In colon cancer drug study, more wasn't better

NEW YORK—Doctors thought that combining two newer drugs that more precisely attack cancer would help people with advanced colon cancer. Instead, it made the cancer worse and made the patients more miserable, a study found.

NEW YORK—Doctors thought that combining two newer drugs that more precisely attack cancer would help people with advanced colon cancer. Instead, it made the cancer worse and made the patients more miserable, a study found.

The surprising findings underscore the importance of doing rigorous studies before rushing to mix these pricey, new-generation drugs, the Dutch researchers and other experts said. The doctors tried combining Erbitux and Avastin because lab tests and an earlier small study had shown promising results.

“This will stand out as a warning,” said Dr.

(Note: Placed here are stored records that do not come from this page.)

Lemma covers_node T i c0 c1 r :
  covers T (DNode i c0 c1) r = oapp (covers T ^~ r) false (if rval T r i then c1 else c0).
Proof.
have no_path (s : seq (word * nat)) : has (fun=> false) s = false by elim: s.
rewrite /covers /= has_cat; case: c0 c1 => [t0|] [t1|] /=; rewrite ?has_map /preim /=;
  by case: (rval T r i); rewrite /= ?no_path ?orbF.
Qed.

Definition zeros (w : word) : word := [seq q <- w | ~~ q.2].

Lemma size_zeros w : size (zeros w) <= size w.
Proof. by rewrite size_filter count_size. Qed.

(* The adversary answers 0 whenever some remaining row of S allows it; the rows
   it keeps are those consistent with the 0-answers [zeros p.1] alone. *)
Lemma adversary_path T (S : seq row) t : S != [::] -> {in S, forall r, covers T t r} ->
  exists2 p, p \in dt_paths t &
    has (fun r => sat T r (zeros p.1)) S /\
    {in S, forall r, sat T r (zeros p.1) -> sat T r p.1}.
Proof.
elim/dtree_nested_ind: t S => [d|i c0 c1 IH0 IH1] S S_ne S_cov.
  by exists ([::], d); rewrite ?inE // has_predT lt0n size_eq0.
pose S0 := [seq r <- S | ~~ rval T r i].
have [S0_nil|S0_ne] := eqVneq S0 [::].
  have /hasPn S_i : ~~ has (fun r => ~~ rval T r i) S by rewrite has_filter -/S0 S0_nil.
  have {}S_i r : r \in S -> rval T r i by move/S_i/negbNE.
  have /hasP [r0 r0_S _] : has predT S by rewrite has_predT lt0n size_eq0.
  have := S_cov r0 r0_S; rewrite covers_node S_i //.
  case: c1 IH1 S_cov => [t1 IH1 S_cov _|//].
  have S_cov1 : {in S, forall r, covers T t1 r}.
    by move=> r r_S; have := S_cov r r_S; rewrite covers_node S_i.
  have [p p_t1 [has_p all_p]] := IH1 S S_ne S_cov1.
  exists ((i, true) :: p.1, p.2); first by rewrite /= mem_cat (map_f _ p_t1) orbT.
  by split=> // r r_S /all_p; rewrite sat_cons S_i //; apply.
have /hasP [r0 r0_S0 _] : has predT S0 by rewrite has_predT lt0n size_eq0.
move: (r0_S0); rewrite mem_filter => /andP [r0_i r0_S].
have := S_cov r0 r0_S; rewrite covers_node (negbTE r0_i).
case: c0 IH0 S_cov => [t0 IH0 S_cov _|//].
have S0_cov : {in S0, forall r, covers T t0 r}.
  move=> r; rewrite mem_filter => /andP [r_i r_S].
  by have := S_cov r r_S; rewrite covers_node (negbTE r_i).
have [p p_t0 [has_p all_p]] := IH0 S0 S0_ne S0_cov.
exists ((i, false) :: p.1, p.2); first by rewrite /= mem_cat (map_f _ p_t0).
split=> [|r r_S] /=.
  case/hasP: has_p => r; rewrite mem_filter => /andP [r_i r_S] r_sat.
  by apply/hasP; exists r; rewrite // eqbF_neg r_i.
by rewrite eqbF_neg => /andP [r_i /all_p ->]; rewrite ?r_i // mem_filter r_i.
Qed.

Lemma mem_all_tuples m (d : seq bool) : (d \in all_tuples m) = (size d == m).
Proof.
elim: m d => [|m IH] d; first by rewrite inE size_eq0.
apply/allpairsP/idP => [[[b s] [_ /= s_m ->]]|]; first by rewrite /= eqSS -IH.
by case: d => [|b d] //= d_m; exists (b, d); rewrite /= IH; split=> //; case: b.
Qed.

Lemma all_tuples_nseq m (b : bool) : nseq m b \in all_tuples m.
Proof. by rewrite mem_all_tuples size_nseq. Qed.

Section ChainRows.

Variables (n : nat) (bs : seq bool).
Hypothesis size_bs : size bs = n.

Definition chain_vec : seq bool := [seq x \in chain_nums 1 1 bs | x <- iota 1 (mk n.+1)].

Definition chain_row : row := (chain_vec, nu n.+1 chain_vec).

Lemma chain_row_in : chain_row \in trows (Tk n.+1).
Proof. by apply: map_f; rewrite mem_all_tuples size_map size_iota. Qed.

Lemma chain_nums_bound x : x \in chain_nums 1 1 bs -> 0 < x <= mk n.+1.
Proof.
move=> /mapP [[a c] q ->] /=; have [? ? ?] := chain_range q.
by rewrite (@node_num_le_mk a c n.+1) ?andbT ?node_numE; lia.
Qed.
(** * Uniqueness for autonomous second-order equations *)

Lemma gronwall_zero (E E' : R -> R) (K x0 : R) :
  (forall x, is_derive E x (E' x)) -> (forall x, Rabs (E' x) <= K * E x) ->
  E x0 = 0 -> forall x, E x = 0.
Proof.
  intros HE Hbound E0 x.
  (* E(t) e^(K t) is nondecreasing and E(t) e^(-K t) nonincreasing, and both vanish at x0 *)
  assert (Hmono : forall s, s * s = 1 -> forall a b, a <= b ->
            s * E a * exp (s * K * a) <= s * E b * exp (s * K * b)).
  { intros s Hs.
    apply (nondecreasing_of_derive_ge0 _ (fun t => (s * E' t + K * E t) * exp (s * K * t))).
    - intros t. eapply is_derive_eq.
      + apply (is_derive_mult (fun t => s * E t) (fun t => exp (s * K * t))).
        * apply (is_derive_scal E). apply HE.
        * apply (is_derive_comp exp (fun t => s * K * t)); [apply is_derive_exp|].
          auto_derive; [easy | reflexivity].
        * intros; apply Rmult_comm.
      + change (plus ?u ?v) with (u + v); change (mult ?u ?v) with (u * v).
        change (scal ?u ?v) with (u * v).
        transitivity ((s * E' t + (s * s) * K * E t) * exp (s * K * t)); [ring|].
        rewrite Hs; ring.
    - intros t. pose proof (exp_pos (s * K * t)).
      pose proof (proj1 (Rabs_le_between _ _) (Hbound t)).
      assert (s = 1 \/ s = -1) as [-> | ->] by nra; nra. }
  pose proof (Hmono 1 ltac:(ring)) as Hup. pose proof (Hmono (-1) ltac:(ring)) as Hdown.
  pose proof (exp_pos (1 * K * x)). pose proof (exp_pos (-1 * K * x)).
  destruct (Rle_or_lt x0 x) as [Hx | Hx].
  - specialize (Hup _ _ Hx). specialize (Hdown _ _ Hx). rewrite E0 in Hup, Hdown. nra.
  - specialize (Hup _ _ (Rlt_le _ _ Hx)). specialize (Hdown _ _ (Rlt_le _ _ Hx)).
    rewrite E0 in Hup, Hdown. nra.
Qed.

Lemma autonomous_ode_unique (F : R -> R) (L M x0 : R) (y y1 z z1 : R -> R) :
  0 <= L -> (forall p q, Rabs p <= M -> Rabs q <= M -> Rabs (F p - F q) <= L * Rabs (p - q)) ->
  (forall x, is_derive y x (y1 x)) -> (forall x, is_derive y1 x (F (y x))) ->
  (forall x, is_derive z x (z1 x)) -> (forall x, is_derive z1 x (F (z x))) ->
  (forall x, Rabs (y x) <= M) -> (forall x, Rabs (z x) <= M) ->
  y x0 = z x0 -> y1 x0 = z1 x0 -> forall x, y x = z x.
Proof.
  intros HL HF Hy Hy1 Hz Hz1 By Bz e0 e1 x.
  set (E := fun t => (y t - z t) ^ 2 + (y1 t - z1 t) ^ 2).
  set (E' := fun t => 2 * (y t - z t) * (y1 t - z1 t) + 2 * (y1 t - z1 t) * (F (y t) - F (z t))).
  assert (HE : forall t, is_derive E t (E' t)).
  { intros t. unfold E, E'. eapply is_derive_eq.
    - apply (is_derive_plus (fun t => (y t - z t) ^ 2) (fun t => (y1 t - z1 t) ^ 2)).
      + apply (is_derive_pow (fun t => y t - z t)), (is_derive_minus y z); auto.
      + apply (is_derive_pow (fun t => y1 t - z1 t)), (is_derive_minus y1 z1); auto.
    - change (plus ?u ?v) with (u + v); change (minus ?u ?v) with (u - v). simpl. ring. }
  assert (Hbound : forall t, Rabs (E' t) <= (1 + L) * E t).
  { intros t. unfold E, E'.
    set (w := y t - z t). set (v := y1 t - z1 t). set (D := F (y t) - F (z t)).
    assert (HD : Rabs D <= L * Rabs w) by now apply HF.
    assert (Hwv : 2 * Rabs w * Rabs v <= w ^ 2 + v ^ 2).
    { rewrite <- (pow2_abs w), <- (pow2_abs v). pose proof (pow2_ge_0 (Rabs w - Rabs v)). nra. }
    assert (Hvd : Rabs v * Rabs D <= L * (Rabs w * Rabs v)).
    { pose proof (Rabs_pos v). nra. }
    eapply Rle_trans; [apply Rabs_triang|]. rewrite !Rabs_mult, Rabs_pos_eq by lra.
    pose proof (Rabs_pos w). pose proof (Rabs_pos v). nra. }
  assert (Ex : E x = 0).
  { apply (gronwall_zero E E' (1 + L) x0); auto. unfold E. rewrite e0, e1. ring. }
  unfold E in Ex. pose proof (pow2_ge_0 (y x - z x)). pose proof (pow2_ge_0 (y1 x - z1 x)).
  nra.
Qed.

(** * The incomplete elliptic integral and the Jacobi amplitude *)

(* Jacobi's Delta(th); in the usual notation dn u = Delta (am u). *)
Definition Delta (k t : R) : R := sqrt (1 - k ^ 2 * sin t ^ 2).

Lemma sin_sqr_le_1 t : sin t ^ 2 <= 1.
Proof. pose proof (sin2_cos2 t). unfold Rsqr in *. nra. Qed.

Lemma cos_sqr t : cos t ^ 2 = 1 - sin t ^ 2.
Proof. pose proof (sin2_cos2 t). unfold Rsqr in *. lra. Qed.

Section Amplitude.
Variable k : R.
Hypothesis Hk : k ^ 2 < 1.

Lemma Delta_radicand_pos t : 0 < 1 - k ^ 2 * sin t ^ 2.
Proof.
  pose proof (sin_sqr_le_1 t). pose proof (pow2_ge_0 k). pose proof (pow2_ge_0 (sin t)). nra.
Qed.

Lemma Delta_pos t : 0 < Delta k t.
Proof. apply sqrt_lt_R0, Delta_radicand_pos. Qed.

Lemma Delta_sqr t : Delta k t ^ 2 = 1 - k ^ 2 * sin t ^ 2.
Proof. apply pow2_sqrt, Rlt_le, Delta_radicand_pos. Qed.

Lemma Delta_le_1 t : Delta k t <= 1.
Proof.
  rewrite <- sqrt_1. apply sqrt_le_1_alt.
  pose proof (pow2_ge_0 k). pose proof (pow2_ge_0 (sin t)). nra.
Qed.

Lemma inv_Delta_continuous t : continuous (fun t => / Delta k t) t.
Proof.
  apply (ex_derive_continuous (K := R_AbsRing) (V := R_NormedModule)).
  pose proof (Delta_radicand_pos t). unfold Delta.
  auto_derive. split; [lra | split; [|easy]]. apply Rgt_not_eq, sqrt_lt_R0. lra.
Qed.

Lemma ellF_derive x : is_derive (ellF k) x (/ Delta k x).
Proof.
  apply (is_derive_RInt (V := R_CompleteNormedModule) (fun t => / Delta k t) (ellF k) 0 x).
  - apply filter_forall. intros y. apply RInt_correct.
    apply (ex_RInt_continuous (V := R_CompleteNormedModule)). intros; apply inv_Delta_continuous.
  - apply inv_Delta_continuous.
Qed.

Lemma ellF_0 : ellF k 0 = 0.
Proof. apply (RInt_point (V := R_CompleteNormedModule)). Qed.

Cornelis Punt, the study’s leader. “You have to do the randomized studies to see what really happens.”

For the study, Eli Lilly & Co.’s Erbitux was added to standard treatment, which includes Genentech Inc.’s Avastin. Since both are “targeted” drugs and attack tumors in different ways, the thinking was that the combo would do a better job of keeping the cancer from growing.

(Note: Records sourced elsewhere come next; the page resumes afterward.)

Lemma eqEx_perron_sum_ge0 x z : (forall i, x i = 1 \/ x i = -1) ->
  eqEx a b c d x z -> 0 <= perron_sum a b c d z.
Proof.
move=> x_sign hEx; rewrite -(pmulr_rge0 _ (ltr0n R 2)) mulr_sumr {1}hEx.
apply: ler_sum => i _; rewrite -eqEx_summand1 !lerD2r ler_wpM2r ?sqrtr_ge0 //.
by case: (x_sign i) => ->; rewrite ?lexx ?lerN10.
Qed.

Hypothesis hA : forall i, assumptionA (a i) (b i) (c i) (d i).

Lemma perron_sum_div_gmean_le th z1 z2 : 0 < th < 1 -> 0 < z1 <= 1 -> 0 < z2 <= 1 ->
  perron_sum a b c d (gmean th z1 z2) / gmean th z1 z2
  <= th * (perron_sum a b c d z1 / z1) + (1 - th) * (perron_sum a b c d z2 / z2).
Proof.
move=> th01 z1_01 z2_01; rewrite /perron_sum !mulr_suml !mulr_sumr -big_split.
by apply: ler_sum => i _; exact: perron_root_div_gmean_le.
Qed.

Lemma perron_sum_near1 : (0 < n)%N -> ergodicE a b c d ->
  \forall h \near 0^'+, perron_sum a b c d (1 - h) < 0.
Proof.
move=> n_gt0 hE; set E := \sum_(i < n) mean_drift (a i) (b i) (c i) (d i).
have E_gt0 : 0 < E.
  move: hE; rewrite /ergodicE /Kc mulr1n; congr (0 < _).
  by apply: eq_bigr => i _; rewrite /mean_drift !mul1r.
set eps := E / (2 * n%:R).
have eps_gt0 : 0 < eps by rewrite divr_gt0 ?mulr_gt0 ?ltr0n.
near=> h.
have h_gt0 : 0 < h by near: h; exact: nbhs_right_gt.
have hall : forall i, perron_root (a i) (b i) (c i) (d i) (1 - h)
                      <= h * (- mean_drift (a i) (b i) (c i) (d i) + eps).
  by near: h; apply: filter_forall => i; exact: perron_root_near1.
apply: (le_lt_trans (ler_sum _ (fun i _ => hall i))).
rewrite -mulr_sumr big_split /= sumrN sumr_const card_ord -/E.
rewrite (_ : eps *+ n = E / 2); last by rewrite -mulr_natl /eps; field; rewrite pnatr_eq0 -lt0n.
by rewrite pmulr_rlt0 //; lra.
Unshelve. all: by end_near. Qed.

End Family.

Theorem corollary3 (R : realType) (c : nat) (hc : (1 <= c)%N)
  (a b cc d : 'I_c -> nat -> R)
  (hA : forall i, assumptionA (a i) (b i) (cc i) (d i))
  (hE : ergodicE a b cc d) :
  forall (x : 'I_c -> R), (forall i, x i = 1 \/ x i = -1) ->
  forall beta beta1 : R,
    0 < beta < 1 -> eqEx a b cc d x beta ->
    0 < beta1 < 1 -> eqEx a b cc d (fun _ => 1) beta1 ->
    beta <= beta1.
Proof.
move=> x x_sign beta beta1 /andP[beta_gt0 beta_lt1] hEx /andP[beta1_gt0 beta1_lt1] hE1.
rewrite leNgt; apply/negP => beta1_lt_beta.
have near_u : \forall h \near 0^'+, 0 < h < 1 - beta /\ perron_sum a b cc d (1 - h) < 0.
  near=> h; split; last by near: h; exact: perron_sum_near1.
  by apply/andP; split; near: h; [exact: nbhs_right_gt | apply: nbhs_right_lt; lra].
have [h [/andP[h_gt0 h_lt] sum_u_lt0]] := filter_ex near_u.
have beta1_01 : 0 < beta1 <= 1 by rewrite beta1_gt0 ltW.
have u_01 : 0 < 1 - h <= 1 by apply/andP; split; lra.
have beta_lt_u : beta < 1 - h by lra.
have [th th01 gmean_beta] := gmean_between _ _ _ beta1_gt0 beta1_lt_beta beta_lt_u.
have := perron_sum_div_gmean_le hA th beta1 (1 - h) th01 beta1_01 u_01.
rewrite gmean_beta (eqEx_ones_perron_sum _ hE1) mul0r mulr0 add0r.
have := divr_ge0 (eqEx_perron_sum_ge0 _ _ x_sign hEx) (ltW beta_gt0).
have : (1 - th) * (perron_sum a b cc d (1 - h) / (1 - h)) < 0.
  by rewrite pmulr_rlt0 ?subr_gt0 ?pmulr_llt0 ?invr_gt0 //; lra.
lra.
Unshelve. all: by end_near.
Qed.
(* Let $\widehat{F}_3$ be the rainbow triangle (a $3$-coloring of $K_3$ whose three edges have three different colors). Then: (a) For every $\delta>0$ there exists $n_0$ such that every graph $G$ of order $n>n_0$ satisfies $c_{3,\widehat{F}_3}(G)\le 2^{(1+\delta)n^2/2}$. (b) For every $\xi>0$ there exists $n_1$ such that if $G$ is a graph of order $n>n_1$ with $c_{3,\widehat{F}_3}(G)\ge 2^{\binom{n}{2}}$, then $|E(G)|\ge\binom{n}{2}-\xi n^2$.
   Context: A $3$-coloring of a graph assigns one of three colors to each edge (not necessarily properly). $c_{3,\widehat{F}_3}(G)$ denotes the number of $3$-colorings of the edges of $G$ containing no triangle whose three edges have three distinct colors. *)

From mathcomp Require Import all_boot.
From Stdlib Require Import Reals.
Set Implicit Arguments. Unset Strict Implicit. Unset Printing Implicit Defensive.

Definition simple_graph (n : nat) (g : rel 'I_n) : Prop :=
  irreflexive g /\ symmetric g.

(* Edges of g, each unordered edge {i,j} represented once as (i,j) with i < j. *)
Definition is_edge (n : nat) (g : rel 'I_n) (p : 'I_n * 'I_n) : bool :=
  (p.1 < p.2) && g p.1 p.2.

Definition edge_t (n : nat) (g : rel 'I_n) : finType :=
  {p : 'I_n * 'I_n | is_edge g p}.

Definition num_edges (n : nat) (g : rel 'I_n) : nat := #|edge_t g|.

Definition coloring (n : nat) (g : rel 'I_n) : finType := {ffun edge_t g -> 'I_3}.

Definition col (n : nat) (g : rel 'I_n) (c : coloring g) (i j : 'I_n) : option 'I_3 :=
  match insub (i, j) with
  | Some x => Some (c x)
  | None => None
  end.

Definition has_rainbow_triangle (n : nat) (g : rel 'I_n) (c : coloring g) : bool :=
  [exists i : 'I_n, exists j : 'I_n, exists k : 'I_n,
    [&& i < j, j < k, g i j, g j k, g i k &
     match col c i j, col c j k, col c i k with
     | Some a, Some b, Some d => [&& a != b, b != d & a != d]
     | _, _, _ => false
     end]].

Definition c3_rainbow_free (n : nat) (g : rel 'I_n) : nat :=
  #|[set c : coloring g | ~~ has_rainbow_triangle c]|.

From mathcomp Require Import all_boot.
From Stdlib Require Import Reals Lia Lra.
From mathcomp Require Import zify.
Set Implicit Arguments. Unset Strict Implicit. Unset Printing Implicit Defensive.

But the results show “more is not always better,” said Dr. Robert Mayer, of Dana-Farber Cancer Institute in Boston. He wrote an editorial published with the study in Thursday’s New England Journal of Medicine.

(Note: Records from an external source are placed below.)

(* Let $N\ge5$. Define $s(r)=\left((N-2)\int_r^\infty(\sinh\sigma)^{1-N}d\sigma\right)^{-\frac{1}{N-2}}$ for $r>0$, let $r=r(s)$ be its inverse and $\rho(s)=\left(\frac{\sinh r(s)}{s}\right)^{2(N-1)}$. If $A\in\mathbb{R}$ is such that $$\int_0^\infty\frac{1}{\rho(s)}(\Delta v)^2s^{N-1}ds\ge\frac{(N-1)^4}{16}\int_0^\infty\rho(s)v^2s^{N-1}ds+A\int_0^\infty\frac{\rho(s)}{r^2(s)}v^2s^{N-1}ds$$ for every $v\in C_c^\infty(0,\infty)$, where $\Delta v=v''+\frac{N-1}{s}v'$, then $A\le\frac{(N-1)^2}{8}$. *)

From Stdlib Require Import Reals ClassicalEpsilon.
From Coquelicot Require Import Coquelicot.
Open Scope R_scope.

Definition s_of_r (N : nat) (r : R) : R :=
  Rpower ((INR N - 2) *
          RInt_gen (fun sigma => / (sinh sigma ^ (N - 1)))
                   (at_point r) (Rbar_locally p_infty))
         (- (1 / (INR N - 2))).

Definition r_of_s (N : nat) (s : R) : R :=
  epsilon (inhabits 0) (fun r => 0 < r /\ s_of_r N r = s).

Definition rho (N : nat) (s : R) : R := (sinh (r_of_s N s) / s) ^ (2 * (N - 1)).

Definition radial_lap (N : nat) (v : R -> R) (s : R) : R :=
  Derive_n v 2 s + (INR N - 1) / s * Derive v s.

Definition smooth_cc_pos (v : R -> R) : Prop :=
  (forall (k : nat) (x : R), ex_derive (Derive_n v k) x) /\
  (exists a b : R, 0 < a /\ a < b /\ forall x, (x < a \/ b < x) -> v x = 0).

Definition int_0_oo (f : R -> R) : R :=
  RInt_gen f (at_right 0) (Rbar_locally p_infty).

(* Substitute s = s(r).  Since ds/dr = (s / sinh r)^(N-1), the measure rho(s) s^(N-1) ds
   becomes sinh(r)^(N-1) dr, and the radial Laplacian of v(s) = Phi(r(s)) is rho(s) times the
   hyperbolic radial Laplacian Phi'' + (N-1) coth(r) Phi'.  Take
   Phi(r) = sinh(r)^(-m) sqrt(r) psi(ln r / L), m = (N-1)/2, with psi a bump supported in [1,2].
   The first-order terms in psi cancel, and after t = ln r / L the defect of the inequality,
   integrated, is at most L (m^2/2 - A) int psi^2 plus a constant independent of L.  Letting
   L -> oo forces A <= m^2/2 = (N-1)^2/8. *)

From Stdlib Require Import Reals Lra Lia ClassicalEpsilon.
From Coquelicot Require Import Coquelicot.
Open Scope R_scope.

(** * Smoothness on open sets *)

Definition derivable_upto (n : nat) (U : R -> Prop) (f : R -> R) : Prop :=
  forall k, (k < n)%nat -> forall x, U x -> ex_derive (Derive_n f k) x.

Definition smooth_on (U : R -> Prop) (f : R -> R) : Prop :=
  forall n, derivable_upto n U f.

Lemma Derive_n_Derive (f : R -> R) k : Derive_n (Derive f) k = Derive_n f (S k).
Proof. induction k as [|k IH]; simpl; [reflexivity | now rewrite IH]. Qed.

Section DerivableUpto.

Variable U : R -> Prop.
Hypothesis U_open : open U.

Lemma derivable_upto_le n m f :
  (m <= n)%nat -> derivable_upto n U f -> derivable_upto m U f.
Proof. now intros Hmn Hf k Hk; apply Hf; lia. Qed.

Lemma derivable_upto_0 f : derivable_upto 0 U f.
Proof. now intros k Hk; lia. Qed.

Lemma derivable_upto_S n f :
  derivable_upto (S n) U f <->
  (forall x, U x -> ex_derive f x) /\ derivable_upto n U (Derive f).
Proof.
  split.
  - intros Hf; split.
    + now apply (Hf 0%nat); lia.
    + intros k Hk x Hx; rewrite Derive_n_Derive; apply (Hf (S k)); [lia | exact Hx].
  - intros [Hf1 Hf2] [|k] Hk x Hx; [exact (Hf1 x Hx) |].
    rewrite <- Derive_n_Derive; apply Hf2; [lia | exact Hx].
Qed.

What makes the results even more compelling, Mayer said, is that another similar study reached the same conclusion. That study, released in December, tested another targeted drug that works the same way as Erbitux.

“This is the first time we’ve seen harm by combining targeted therapies, and it tells us we need to be cautious,” said Dr. Jordan Berlin, a gastrointestinal cancer specialist at Vanderbilt-Ingram Cancer Center in Nashville, Tenn. Berlin, who had no role in the research, stressed that the drugs do help patients, just not when given together.